Is there an "if -then - else " statement in XPath? - xpath

It seems with all the rich amount of function in xpath that you could do an "if" . However , my engine keeps insisting "there is no such function" , and I hardly find any documentation on the web (I found some dubious sources , but the syntax they had didn't work)
I need to remove ':' from the end of a string (if exist), so I wanted to do this:
if (fn:ends-with(//div [#id='head']/text(),': '))
then (fn:substring-before(//div [#id='head']/text(),': ') )
else (//div [#id='head']/text())
Any advice?

Yes, there is a way to do it in XPath 1.0:
concat(
substring($s1, 1, number($condition) * string-length($s1)),
substring($s2, 1, number(not($condition)) * string-length($s2))
)
This relies on the concatenation of two mutually exclusive strings, the first one being empty if the condition is false (0 * string-length(...)), the second one being empty if the condition is true. This is called "Becker's method", attributed to Oliver Becker (original link is now dead, the web archive has a copy).
In your case:
concat(
substring(
substring-before(//div[#id='head']/text(), ': '),
1,
number(
ends-with(//div[#id='head']/text(), ': ')
)
* string-length(substring-before(//div [#id='head']/text(), ': '))
),
substring(
//div[#id='head']/text(),
1,
number(not(
ends-with(//div[#id='head']/text(), ': ')
))
* string-length(//div[#id='head']/text())
)
)
Though I would try to get rid of all the "//" before.
Also, there is the possibility that //div[#id='head'] returns more than one node.
Just be aware of that — using //div[#id='head'][1] is more defensive.

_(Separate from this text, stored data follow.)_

Lemma perm_eq_nth_perm (T : eqType) (x0 : T) n (u v : seq T) :
  perm_eq u v -> size v = n ->
  exists tau : 'S_n, forall j : 'I_n, nth x0 u j = nth x0 v (tau j).
Proof.
move=> uv /eqP v_n; have /tuple_permP[tau uE] : perm_eq u (Tuple v_n) by [].
by exists tau => j; rewrite uE -[nth x0 _ j](tnth_nth x0) tnth_mktuple (tnth_nth x0).
Qed.

Section Covering.
Variables (Z Z0 : finType) (pi : Z -> Z0).
Hypothesis pi_fiber2 : forall z0 : Z0, #|[set z | pi z == z0]| = 2.
Local Notation sg := (cov_sigma pi).
Local Notation n := #|Z0|.

Lemma cov_sigma_spec z : pi (sg z) = pi z /\ sg z != z.
Proof.
rewrite /cov_sigma; case: pickP => [z' /andP[/eqP-> ->] // | no_other].
have : [set y | pi y == pi z] \subset [set z].
  apply/subsetP => y; rewrite !inE => y_fib.
  by have := no_other y; rewrite y_fib => /negbFE.
by move/subset_leq_card; rewrite pi_fiber2 cards1.
Qed.

Lemma cov_sigma_pi z : pi (sg z) = pi z. Proof. by case: (cov_sigma_spec z). Qed.
Lemma cov_sigma_neq z : sg z != z. Proof. by case: (cov_sigma_spec z). Qed.

Lemma fiber_cov_sigma y z : pi y = pi z -> y != z -> y = sg z.
Proof.
move=> yz_pi nyz; apply/eqP; apply: contraTT isT => nysz.
have : sg z |: (y |: [set z]) \subset [set x | pi x == pi z].
  by apply/subsetP => x; rewrite !inE => /or3P [] /eqP ->; rewrite ?yz_pi ?cov_sigma_pi.
move/subset_leq_card; rewrite pi_fiber2 !cardsU1 cards1 !inE eq_sym (negPf nysz).
by rewrite (negPf (cov_sigma_neq z)) (negPf nyz).
Qed.

Lemma cov_sigmaK : involutive sg.
Proof.
move=> z; apply/esym/fiber_cov_sigma; first by rewrite !cov_sigma_pi.
by rewrite eq_sym cov_sigma_neq.
Qed.

Section Sections.
Variable w : {set Z}.
Hypothesis w_sec : is_section pi w.

Lemma section_pi_image : pi @: w = [set: Z0]. Proof. by case/andP: w_sec => /eqP. Qed.
Lemma card_section : #|w| = n. Proof. by case/andP: w_sec => _ /eqP. Qed.

Lemma section_pi_inj : {in w &, injective pi}.
Proof. by apply/imset_injP; rewrite section_pi_image cardsT card_section. Qed.

Lemma cov_sigma_notin a : a \in w -> sg a \notin w.
Proof.
move=> a_w; apply: contra (cov_sigma_neq a) => sa_w.
by rewrite (section_pi_inj sa_w a_w (cov_sigma_pi a)).
Qed.

Lemma cov_sigma_in b : b \notin w -> sg b \in w.
Proof.
move=> b_w; have /imsetP[a a_w ab_pi] : pi b \in pi @: w by rewrite section_pi_image inE.
by rewrite -(fiber_cov_sigma (esym ab_pi)) //; apply: contraNneq b_w => <-.
Qed.

Lemma setC_section : ~: w = sg @: w.
Proof.
apply/setP => z; rewrite inE; apply/idP/imsetP => [z_w | [a a_w ->]].
  by exists (sg z); rewrite ?cov_sigmaK ?cov_sigma_in.
exact: cov_sigma_notin.
Qed.
Lemma laurent_rep z : exists N (p : {poly B}), z = xi ^+ N * peval iota x p.
Proof.
case: hL => _ _ hspan _; have [N [f [g ->]]] := hspan z.
exists N, (\sum_(i < N) ((f i)%:P * 'X^(i + N) + (g i)%:P * 'X^(N - i.+1))).
rewrite (peval_sum hiota) mulr_sumr; apply: eq_bigr => i _.
rewrite (pevalD hiota) !(pevalM hiota) !(pevalC hiota) !(pevalXn hiota) mulrDr.
congr (_ + _).
  rewrite exprD -[LHS]mulr1 -(mul_inv_expr N hx); ring.
rewrite -[in xi ^+ N](subnKC (ltn_ord i)) exprD.
rewrite -[LHS]mulr1 -(mul_inv_expr (N - i.+1) hx); ring.
Qed.

Lemma laurent_rep2 z z' : exists N (p q : {poly B}),
  z = xi ^+ N * peval iota x p /\ z' = xi ^+ N * peval iota x q.
Proof.
have [N [p ->]] := laurent_rep z; have [M [q ->]] := laurent_rep z'.
exists (N + M), (p * 'X^M), (q * 'X^N).
rewrite !(pevalM hiota) !(pevalXn hiota) exprD; split.
  by rewrite -[LHS]mulr1 -(mul_inv_expr M hx); ring.
by rewrite -[LHS]mulr1 -(mul_inv_expr N hx); ring.
Qed.

Lemma peval_laurent_inj (p : {poly B}) : peval iota x p = 0 -> p = 0.
Proof.
case: hL => _ _ _ hfree hp0; apply/polyP => i; rewrite coef0.
have hsum : laurent_sum iota x xi (size p) (fun i => p`_i) (fun=> 0) = 0.
  rewrite -hp0 (peval_wide hiota _ (leqnn _)); apply: eq_bigr => j _.
  by rewrite (kalg_morph0 hiota) mul0r addr0.
case: (ltnP i (size p)) => [/(hfree _ _ _ hsum) [] //|hi].
by rewrite nth_default.
Qed.

Section LaurentLift.
Variables (C : comAlgType k) (phi : B -> C) (u ui : C).
Hypotheses (hphi : kalg_morph phi) (hu : u * ui = 1).

Lemma laurent_lift_wd N M p q :
  xi ^+ N * peval iota x p = xi ^+ M * peval iota x q ->
  ui ^+ N * peval phi u p = ui ^+ M * peval phi u q.
Proof.
move=> h.
have hxpq : x ^+ M * peval iota x p = x ^+ N * peval iota x q.
  transitivity (x ^+ (N + M) * (xi ^+ N * peval iota x p)).
    by rewrite exprD -[LHS]mulr1 -(mul_inv_expr N hx); ring.
  by rewrite h exprD -[RHS]mulr1 -(mul_inv_expr M hx); ring.
have hpq : p * 'X^M = q * 'X^N.
  apply/eqP; rewrite -subr_eq0; apply/eqP/peval_laurent_inj.
  by rewrite (pevalB hiota) !(pevalM hiota) !(pevalXn hiota) mulrC hxpq mulrC subrr.
transitivity (ui ^+ (N + M) * peval phi u (p * 'X^M)).
  by rewrite (pevalM hphi) (pevalXn hphi) exprD -[LHS]mulr1 -(mul_inv_expr M hu); ring.
by rewrite hpq (pevalM hphi) (pevalXn hphi) exprD -[RHS]mulr1 -(mul_inv_expr N hu); ring.
Qed.

Let rep_ex z : exists np : nat * {poly B}, z == xi ^+ np.1 * peval iota x np.2.
Proof. by have [N [p ->]] := laurent_rep z; exists (N, p). Qed.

The official language specification for XPath 2.0 on W3.org details that the language does indeed support if statements. See Section 3.8 Conditional Expressions, in particular. Along with the syntax format and explanation, it gives the following example:
if ($widget1/unit-cost < $widget2/unit-cost)
then $widget1
else $widget2
This would suggest that you shouldn't have brackets surrounding your expressions (otherwise the syntax looks correct). I'm not wholly confident, but it's surely worth a try. So you'll want to change your query to look like this:
if (fn:ends-with(//div [#id='head']/text(),': '))
then fn:substring-before(//div [#id='head']/text(),': ')
else //div [#id='head']/text()
I do strongly suspect this may fix it however, as the fact that your XPath engine seems to be trying to interpret if as a function, where it is in fact a special construct of the language.
Finally, to point out the obvious, insure that your XPath engine does in fact support XPath 2.0 (as opposed to an earlier version)! I don't believe conditional expressions are part of previous versions of XPath.

How about using fn:replace(string,pattern,replace) instead?
XPATH is very often used in XSLTs and if you are in that situation and does not have XPATH 2.0 you could use:
<xsl:choose>
<xsl:when test="condition1">
condition1-statements
</xsl:when>
<xsl:when test="condition2">
condition2-statements
</xsl:when>
<xsl:otherwise>
otherwise-statements
</xsl:otherwise>
</xsl:choose>

according to pkarat's, law you can achieve conditional XPath in version 1.0.
For your case, follow the concept:
concat(substring-before(your-xpath[contains(.,':')],':'),your-xpath[not(contains(.,':'))])
This will definitely work. See how it works. Give two inputs
praba:
karan
For 1st input: it contains : so condition true, string before : will be the output, say praba is your output. 2nd condition will be false so no problems.
For 2nd input: it does not contain : so condition fails, coming to 2nd condition the string doesn't contain : so condition true... therefore output karan will be thrown.
Finally your output would be praba,karan.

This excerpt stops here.